In `@example-app/src/main.js`:
- Around line 96-104: In togglePTTMode, only enable the continuousPTT checkbox
on Android: detect platform (use the existing platform helper or add an
isAndroid check) and change the logic so refs.continuousPTT.disabled becomes
!(enabled && isAndroid) and refs.continuousPTT.checked is forced false when not
(enabled && isAndroid); update the control visibility/behavior in togglePTTMode
to honor this Android-only requirement while leaving other UI toggles unchanged.
- Around line 233-250: The PTT control only has mouse/touch handlers and lacks
keyboard support, so update the refs.pttButton wiring to also handle key events
and blur: add a keydown listener that calls handlePTTPress() when Space or Enter
is pressed (preventDefault to avoid scrolling on Space), a keyup listener that
calls handlePTTRelease() for those keys, and a blur listener that calls
handlePTTRelease() as a safety release; ensure existing touch/mouse handlers
(handlePTTPress, handlePTTRelease) are reused and keep
refs.pttMode/togglePTTMode unchanged.
- Around line 184-223: handlePTTPress and handlePTTRelease can interleave and
race; serialize them by adding a transition lock/token (e.g., pttTransitionId or
an async mutex) that each press/release captures and validates before proceeding
so stale async work is ignored. On entry to handlePTTPress and handlePTTRelease
acquire the token (or increment a session id), store it locally, and before any
async continuation (after await SpeechRecognition.setPTTState, await
SpeechRecognition.start, await SpeechRecognition.forceStop, await
SpeechRecognition.getLastPartialResult, or any other await) check the token
still matches; if not, abort that stale branch. Also ensure handlePTTPress does
not start a new session while a previous transition is in progress and only
allow a new press once forceStop or a readyForNextSession signal completes.
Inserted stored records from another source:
(* If $q$ is an integer with $q\equiv 1\pmod 4$ and $q\neq 1$, then $A_q(q+3,q+1)\le \tfrac12 q^2(q+1)-q=\tfrac12(q-1)q(q+2)$.
   Context: For an integer $q\ge2$ let $[q]=\{0,1,\dots,q-1\}$. For words $u,v\in[q]^n$, the Hamming distance $d_H(u,v)$ is the number of coordinates $i$ with $u_i\neq v_i$. The minimum distance of a code $C\subseteq[q]^n$ is the minimum Hamming distance between distinct codewords ($\infty$ if $|C|\le 1$). $A_q(n,d)$ is the maximum cardinality of a code $C\subseteq[q]^n$ with minimum distance at least $d$. *)

From mathcomp Require Import all_boot.
Set Implicit Arguments. Unset Strict Implicit. Unset Printing Implicit Defensive.

Definition word (q n : nat) := {ffun 'I_n -> 'I_q}.

Definition dH (q n : nat) (u v : word q n) : nat := #|[set i | u i != v i]|.

(* C has minimum distance at least d (vacuous when |C| <= 1, i.e. min distance = oo). *)
Definition min_dist_ge (q n d : nat) (C : {set word q n}) : bool :=
  [forall u in C, forall v in C, (u != v) ==> (d <= dH u v)].

Definition Aq (q n d : nat) : nat :=
  \max_(C : {set word q n} | min_dist_ge d C) #|C|.

(* Let q = 4t+1 (t >= 1) and n = q+3.  A code C in [q]^n with minimum distance
   at least q+1 is one in which distinct codewords agree in at most 2 places.
   Put h = 2t+1 and K = q*h = q(q+1)/2; we show #|C| <= q*K - q.

   For a coordinate j and a symbol b, the class cls C j b collects the
   codewords with symbol b at j.  Counting agreements inside a class in two
   ways and applying Cauchy-Schwarz (resp. the tangent-line bound
   f^2 >= q f - q h (h-1)) to the symbol counts of the other coordinates shows
   that a class has at most K words, and bounds the number of ordered pairs of
   the class agreeing in exactly one place by (K - s)(K - s - 1).
   If #|C| > q*K - q then, by pigeonhole, some class T is full (size K); in a
   full class every other coordinate is perfectly balanced, and a parity
   argument shows that every word outside T agrees in exactly one place with
   some word of T.  This yields at least 2(#|C| - K) pairs agreeing in one
   place, while summing the class bounds over all coordinates gives at most
   n r (r-1) of them with r = q*K - #|C| < q: a contradiction. *)

From mathcomp Require Import all_boot zify.
Set Implicit Arguments. Unset Strict Implicit. Unset Printing Implicit Defensive.

Lemma card_set_indicator (T : finType) (P : pred T) :
  #|[set i | P i]| = \sum_i (P i : nat).
Proof. by rewrite -sum1dep_card big_mkcond /=; apply: eq_bigr => i _; case: (P i). Qed.

Lemma sum_indicator (T : finType) (a : T) : \sum_(c : T) ((a == c) : nat) = 1.
Proof. by rewrite (bigD1 a) //= eqxx big1 // => c; rewrite eq_sym => /negbTE ->. Qed.

Section Agreement.
Variables (q n : nat).
Implicit Types (u v x y : word q n) (D : {set word q n}).

Definition agr u v : nat := \sum_(k < n) (u k == v k).

Lemma dH_agr u v : dH u v + agr u v = n.
Proof.
rewrite /dH card_set_indicator /agr -big_split /=.
by rewrite (eq_bigr (fun _ => 1)) ?sum1_card ?card_ord // => i _; case: (u i == v i).
Qed.

Lemma agr_refl u : agr u u = n.
Proof. by rewrite /agr (eq_bigr (fun _ => 1)) ?sum1_card ?card_ord // => i _; rewrite eqxx. Qed.

Lemma agrC u v : agr u v = agr v u.
Proof. by apply: eq_bigr => i _; rewrite eq_sym. Qed.

Lemma agr_ge1 u v j : u j = v j -> 1 <= agr u v.
Proof. by move=> e; rewrite /agr (bigD1 j) //= e eqxx. Qed.

Definition sym_count D (k : 'I_n) (c : 'I_q) : nat := \sum_(x in D) (x k == c).

Lemma sum_sym_count D k : \sum_c sym_count D k c = #|D|.
Proof.
by rewrite /sym_count exchange_big /= -sum1_card; apply: eq_bigr => x _; apply: sum_indicator.
Qed.

Lemma eq_indicator_split (a b : 'I_q) : ((a == b) : nat) = \sum_c ((a == c) * (b == c)).
Proof.
rewrite (bigD1 a) //= eqxx mul1n big1 ?addn0 ?(eq_sym b) // => c.
by rewrite eq_sym => /negbTE ->.
Qed.

Lemma sum_agr_pairs D :
  \sum_(x in D) \sum_(y in D) agr x y = \sum_k \sum_c sym_count D k c ^ 2.
Proof.
rewrite /agr.
under eq_bigr => x _ do rewrite exchange_big /=.
rewrite exchange_big /=; apply: eq_bigr => k _.
under eq_bigr => x _ do under eq_bigr => y _ do rewrite eq_indicator_split.
under eq_bigr => x _ do rewrite exchange_big /=.
rewrite exchange_big /=; apply: eq_bigr => c _.
rewrite /sym_count expnS expn1 big_distrl /=; apply: eq_bigr => x _.
by rewrite big_distrr.
Qed.

Lemma sum_agr_with D y : \sum_(x in D) agr x y = \sum_k sym_count D k (y k).
Proof. by rewrite /agr exchange_big. Qed.

Definition cls D (j : 'I_n) (b : 'I_q) := [set x in D | x j == b].

Lemma cls_sub D j b : cls D j b \subset D.
Proof. by apply/subsetP => x; rewrite inE => /andP []. Qed.

Lemma cls_fixed D j b x : x \in cls D j b -> x j = b.
Proof. by rewrite inE => /andP [_ /eqP]. Qed.

Lemma card_cls D k c : #|cls D k c| = sym_count D k c.
Proof.
rewrite card_set_indicator /sym_count [RHS]big_mkcond /=; apply: eq_bigr => x _.
by case: (x \in D).
Qed.

Lemma sum_card_cls D k : \sum_c #|cls D k c| = #|D|.
Proof. by rewrite -(sum_sym_count D k); apply: eq_bigr => c _; apply: card_cls. Qed.

Lemma sum_over_cls D k c (F : word q n -> nat) :
  \sum_(x in cls D k c) F x = \sum_(x in D) (x k == c) * F x.
Proof.
rewrite big_mkcond [RHS]big_mkcond /=; apply: eq_bigr => x _.
by rewrite inE; case: (x \in D); case: (x k == c); rewrite ?mul1n ?mul0n.
Qed.

Definition single_agr D := \sum_(x in D) \sum_(y in D) ((agr x y == 1) : nat).

(* A pair agreeing in exactly one coordinate lies in exactly one common class. *)
Lemma single_agr_cls D : single_agr D = \sum_k \sum_c single_agr (cls D k c).
Proof.
have split1 x y : ((agr x y == 1) : nat) =
    \sum_k \sum_c ((x k == c) * ((y k == c) * (agr x y == 1))).
  have E : ((agr x y == 1) : nat) = agr x y * (agr x y == 1).
    by case: (agr x y == 1) /eqP => [->|_]; rewrite ?muln0.
  set F := ((agr x y == 1) : nat) in E *.
  rewrite {1}E {1}/agr big_distrl /=; apply: eq_bigr => k _.
  by rewrite eq_indicator_split big_distrl /=; apply: eq_bigr => c _; rewrite mulnA.
rewrite /single_agr.
under eq_bigr => x _ do under eq_bigr => y _ do rewrite split1.
under eq_bigr => x _ do rewrite exchange_big /=.
rewrite exchange_big /=; apply: eq_bigr => k _.
under eq_bigr => x _ do rewrite exchange_big /=.
rewrite exchange_big /=; apply: eq_bigr => c _.
rewrite sum_over_cls; apply: eq_bigr => x _.
by rewrite sum_over_cls big_distrr.
Qed.

(* In a class whose pairs agree in at most 2 places, every distinct pair agrees
   in exactly 1 or 2 places; this gives the total agreement count. *)
Lemma agr_in_class D j b : 1 < n -> (forall x, x \in D -> x j = b) ->
  (forall x y, x \in D -> y \in D -> x != y -> agr x y <= 2) ->
  \sum_(x in D) \sum_(y in D) agr x y + single_agr D = #|D| * (n + 2 * #|D|.-1).
Proof.
move=> n_gt1 Dj agr2; rewrite /single_agr -big_split /= -sum_nat_const.
apply: eq_bigr => x xD.
rewrite -big_split /= (bigD1 x) //= agr_refl.
have -> : (n == 1) = false by apply/negbTE; rewrite neq_ltn n_gt1 orbT.
rewrite addn0; congr (_ + _).
rewrite (eq_bigr (fun _ => 2)); last first.
  move=> y /andP [yD yx].
  have := agr_ge1 (u := x) (v := y) (j := j); rewrite !Dj // => /(_ erefl) ge1.
  have := agr2 x y xD yD; rewrite eq_sym yx => /(_ isT) le2.
  by case: (agr x y) ge1 le2 => [|[|[|]]].
rewrite (eq_bigl (mem (D :\ x))) => [|y]; last by rewrite !inE andbC.
by rewrite sum_nat_const (cardsD1 x D) xD mulnC.
Qed.

Lemma sym_count_fixed D j b : (forall x, x \in D -> x j = b) ->
  \sum_c sym_count D j c ^ 2 = #|D| ^ 2.
Proof.
move=> Dj; rewrite (bigD1 b) //= big1 ?addn0.
  by congr (_ ^ 2); rewrite /sym_count -sum1_card; apply: eq_bigr => x xD; rewrite Dj // eqxx.
by move=> c cb; rewrite /sym_count big1 // => x xD; rewrite Dj // eq_sym (negbTE cb).
Qed.

Lemma sum_other_coords (j : 'I_n) c : \sum_(k | k != j) c = n.-1 * c.
Proof.
have := sum_nat_const (mem 'I_n) c; rewrite (bigD1 j) //= card_ord.
by case: n j => [[]//|n'] j /=; rewrite mulSn => /eqP; rewrite eqn_add2l => /eqP.
Qed.

End Agreement.

Lemma cauchy_schwarz_seq (T : Type) (r : seq T) (f : T -> nat) :
  (\sum_(i <- r) f i) ^ 2 <= (\sum_(i <- r) 1) * \sum_(i <- r) f i ^ 2.
Proof.
elim: r => [|a r IH]; first by rewrite !big_nil.
rewrite !big_cons.
move: IH; set S := \sum_(i <- r) f i; set k := \sum_(i <- r) 1.
set U := \sum_(i <- r) f i ^ 2 => IH.
have cross : 2 * k * f a * S <= k * k * f a ^ 2 + S ^ 2.
  have : 0 <= (k * f a - S) ^ 2 + (S - k * f a) ^ 2 by [].
  nia.
nia.
Qed.

Lemma cauchy_schwarz q (f : 'I_q -> nat) : (\sum_c f c) ^ 2 <= q * \sum_c f c ^ 2.
Proof. by have := cauchy_schwarz_seq (index_enum 'I_q) f; rewrite sum1_card card_ord. Qed.

(* Tangent-line bound: f^2 >= q f - q h (h-1) summed, from (f-h)(f-h+1) >= 0. *)
Lemma tangent_bound q h (f : 'I_q -> nat) : q = (2 * h).-1 ->
  q * \sum_c f c <= \sum_c f c ^ 2 + q * (h * h.-1).
Proof.
move=> qh.
have -> : q * (h * h.-1) = \sum_(c : 'I_q) (h * h.-1) by rewrite sum_nat_const card_ord.
rewrite big_distrr -big_split /=; apply: leq_sum => c _.
have : 0 <= (f c - h) * (f c - h.-1) + (h - f c) * (h.-1 - f c) by [].
by case: h qh => [|h] ->; [rewrite muln0 mul0n | rewrite /=; nia].
Qed.

(* Closed-form arithmetic steps, for q = 4t+1, n = q+3, h = 2t+1, K = q*h.
   Here s is a class size, X the squared symbol counts of the other coordinates,
   Qd the number of pairs of the class agreeing in one place. *)

(* Cauchy-Schwarz forces s <= K. *)
Lemma class_size_arith t s X Qd : s ^ 2 + X + Qd = s * ((4*t+1) + 3 + 2 * s.-1) ->
  (4*t+3) * s ^ 2 <= (4*t+1) * X -> s <= (4*t+1)*(2*t+1).
Proof.
move=> e h.
have e2 : X + Qd = s * s + (4*t+2) * s by case: s e {h} => [|s] /=; nia.
have h2 : 2 * s * s <= 2 * ((4*t+1)*(2*t+1)) * s by nia.
by case: s {e h e2} h2 => // s; rewrite leq_pmul2r //; lia.
Qed.
(* Spans of pairwise disjoint supports are independent: compare the
   coordinates on each basis vector. *)
Lemma supported_independent (I : Type) (J : I -> Prop) (same : I -> I -> Prop)
    (S : I -> 'I_n -> Prop) (s : seq (I * V)) :
  (forall i i' k, J i -> J i' -> S i k -> S i' k -> same i i') ->
  List.Forall (fun p => J p.1 /\ supported (S p.1) p.2) s ->
  List.ForallOrdPairs (fun p p' => ~ same p.1 p'.1) s ->
  \sum_(p <- s) p.2 = 0 -> List.Forall (fun p => p.2 = 0) s.
Proof.
move=> hdisj hs hp hsum.
suff coord_zero k : List.Forall (fun p => coord p.2 k = 0) s.
  apply/List.Forall_forall => p ps; apply: coord_eq0 => k.
  exact: (List.Forall_forall _ _).1 (coord_zero k) p ps.
have sum0 t : List.Forall (fun p => coord p.2 k = 0) t -> \sum_(p <- t) coord p.2 k = 0.
  by elim=> [|a l ha _ IH]; rewrite ?big_nil // big_cons ha IH addr0.
have : \sum_(p <- s) coord p.2 k = 0 by rewrite -coord_sum hsum coord0.
elim: s hs hp {hsum} => [|p s IH] hs hp hz; first by constructor.
inversion hs as [|? ? [Jp Sp] hs']; inversion hp as [|? ? hhd hp']; subst.
rewrite big_cons in hz; case: (asbP (S p.1 k)) => Sk; last first.
  by rewrite Sp // add0r in hz; constructor; [exact: Sp | exact: IH hs' hp' hz].
have others : List.Forall (fun p' => coord p'.2 k = 0) s.
  apply: List.Forall_impl (List.Forall_and hhd hs') => p' [nsame [Jp' Sp']].
  by apply: Sp' => Sk'; apply: nsame; exact: hdisj Jp Jp' Sk Sk'.
by rewrite sum0 // addr0 in hz; constructor.
Qed.

Lemma orth_sum_supported (I : Type) (J : I -> Prop) (same : I -> I -> Prop)
    (W : V -> Prop) (U : I -> V -> Prop) (R : 'I_n -> Prop)
    (S : I -> 'I_n -> Prop) (piece : 'I_n -> I) :
  (forall x, W x <-> supported R x) ->
  (forall i x, J i -> U i x <-> supported (S i) x) ->
  (forall i k, J i -> S i k -> R k) ->
  (forall k, R k -> J (piece k) /\ S (piece k) k) ->
  (forall i i' k, J i -> J i' -> S i k -> S i' k -> same i i') ->
  (forall i j k l, J i -> J j -> ~ same i j -> S i k -> S j l ->
     ~ sc (gb (deg k)) (deg l)) ->
  orth_sum b W J same U.
Proof.
move=> hW hU hSR hpiece hdisj horth; split; last first.
  move=> i j x y Ji Jj nij /(hU _ _ Ji) hx /(hU _ _ Jj) hy.
  by apply: supported_orth hx hy => k l; exact: horth.
split.
  by move=> i x Ji /(hU _ _ Ji) hx; apply/hW; move: hx; apply: supported_mono => k; exact: hSR.
split=> [x /hW hx|s hs].
  exists [seq (piece k, coord x k *: ei k) | k <- idx R]; split.
    apply: Forall_map => k; rewrite mem_idx => /asbP Rk /=.
    by have [Jk Sk] := hpiece k Rk; split => //; apply/hU => //; exact: supported_ei.
  by rewrite big_map -{1}(proj_id hx).
apply: supported_independent hdisj _.
by apply: List.Forall_impl hs => p [Jp hp]; split => //; apply/hU.
Qed.

Lemma decomposition_H_Psi : orth_sum b (fun _ => True) (fun _ : bool => True) eq
  (fun t : bool => if t then coset_sum half else coset_sum (fun g => ~ half g)).
Proof.
apply: (orth_sum_supported (R := fun _ => True)
  (S := fun t : bool => if t then fun i => half (deg i) else off_half)
  (piece := fun k => asb (half (deg k)))) => //.
- by move=> x; split => // _ i.
- move=> [] x _; apply: coset_sum_supported; first exact: half_same_coset.
  exact: not_half_same_coset.
- by move=> k _; case: asbP.
- by move=> [] [] k.
- move=> [] [] k l _ _ //= _ hk hl hkl.
    by apply/hl/(half_same_coset _ hkl)/half_gbar.
  by apply/hk/half_gbar/(half_same_coset hl (same_coset_sym hF hkl)).
Qed.

Lemma decomposition_H : orth_sum b (coset_sum half) half sc Vc.
Proof.
apply: (orth_sum_supported (R := fun i => half (deg i))
  (S := fun g i => sc g (deg i)) (piece := deg)).
- by move=> x; apply: coset_sum_supported; exact: half_same_coset.
- by move=> g x _; exact: Vcoset_supported.
- by move=> g k; exact: half_same_coset.
- by move=> k hk; split => //; exact: same_coset_refl.
- by move=> g g' k _ _ hk hk'; exact: (same_coset_trans hF hk (same_coset_sym hF hk')).
- move=> g g' k l hg _ ngg hk hl hkl; apply: ngg.
  apply: (same_coset_trans hF ((fixed_iff_half g).2 hg)).
  apply: (same_coset_trans hF (gbar_same_coset hk)).
  exact: (same_coset_trans hF hkl (same_coset_sym hF hl)).
Qed.

Lemma decomposition_Psi :
  orth_sum b (coset_sum (fun g => ~ half g)) (fun g => ~ half g) same_orbit orbit_space.
Proof.
apply: (orth_sum_supported (R := off_half)
  (S := fun g i => same_orbit g (deg i)) (piece := deg)).
- by move=> x; apply: coset_sum_supported; exact: not_half_same_coset.
- by move=> g x _; exact: orbit_space_supported.
- by move=> g k nhg hk hhk; apply/nhg/(same_orbit_half (same_orbit_sym hk)).
- by move=> k hk; split => //; exact: same_orbit_refl.
- by move=> g g' k _ _ hk hk'; exact: same_orbit_trans hk (same_orbit_sym hk').
- move=> g g' k l _ _ ngg hk hl hkl; apply: ngg.
  apply: same_orbit_trans (same_orbit_trans hk (or_intror hkl)) (same_orbit_sym hl).
Qed.

Lemma coset_quad_space g : half g -> eps_quad_space Fg Vg eps q b (Vc g).
Proof.
move=> hg; rewrite (pred_ext (Vcoset_supported g)); apply: supported_quad_space.
move=> i j hi hij; apply: (same_coset_trans hF ((fixed_iff_half g).2 hg)).
exact: (same_coset_trans hF (gbar_same_coset hi) hij).
Qed.

Lemma Psi_quad_space : eps_quad_space Fg Vg eps q b (coset_sum (fun g => ~ half g)).
Proof.
rewrite (pred_ext (fun x => coset_sum_supported x not_half_same_coset)).
by apply: supported_quad_space => i j; exact: not_half_pair.
Qed.

Lemma Psi_metabolic : metabolic Vg q b (coset_sum (fun g => ~ half g)).
Proof.
rewrite (pred_ext (fun x => coset_sum_supported x not_half_same_coset)).
exact: off_half_metabolic.
Qed.
End Decomposition.

Lemma of_type_restrict (G : zmodType) (F : comUnitRingType) (V : lmodType F)
    (eps : G) (q : V -> F) (b : V -> V -> F) (T : qtype F) (W : V -> Prop) :
  of_type eps q b T (fun _ => True) -> of_type eps q b T W.
Proof.
case: T => /=.
- by case=> [[e0 hb]|h0]; [left; split => // x y _ _; exact: hb | right => x _; exact: h0].
- by case=> h1 h2; split => *; [apply: h1 | apply: h2].
- by move=> tau h x _; apply: h.
Qed.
Use
the existing symbols: handlePTTPress, handlePTTRelease,
SpeechRecognition.setPTTState, SpeechRecognition.start,
SpeechRecognition.forceStop, and SpeechRecognition.getLastPartialResult to
locate and instrument the logic.
In `@IMPLEMENTATION_SUMMARY.md`:
- Around line 464-489: The implementation summary still lists pending
README/CHANGELOG tasks and a sample CHANGELOG entry for 7.1.0 that conflict with
the merged docs and package.json (now 8.0.10); update IMPLEMENTATION_SUMMARY.md
to remove or mark as completed the README/CHANGELOG checklist items, either
update the sample changelog entry to the actual released version and date or
delete the placeholder 7.1.0 block, and add a short note that docs were
regenerated and package.json is at 8.0.10 so the summary reflects the current
release state; also verify references to README.md and CHANGELOG.md sections
mentioned (e.g., "error event", "listeningState") are present in the regenerated
docs and adjust the summary text accordingly.
- Around line 103-105: The fenced code blocks containing state diagrams (for
example the block showing "IDLE → (start()) → STARTING → STARTED → (stop() or
results or error) → STOPPING → IDLE" and the other similar blocks referenced)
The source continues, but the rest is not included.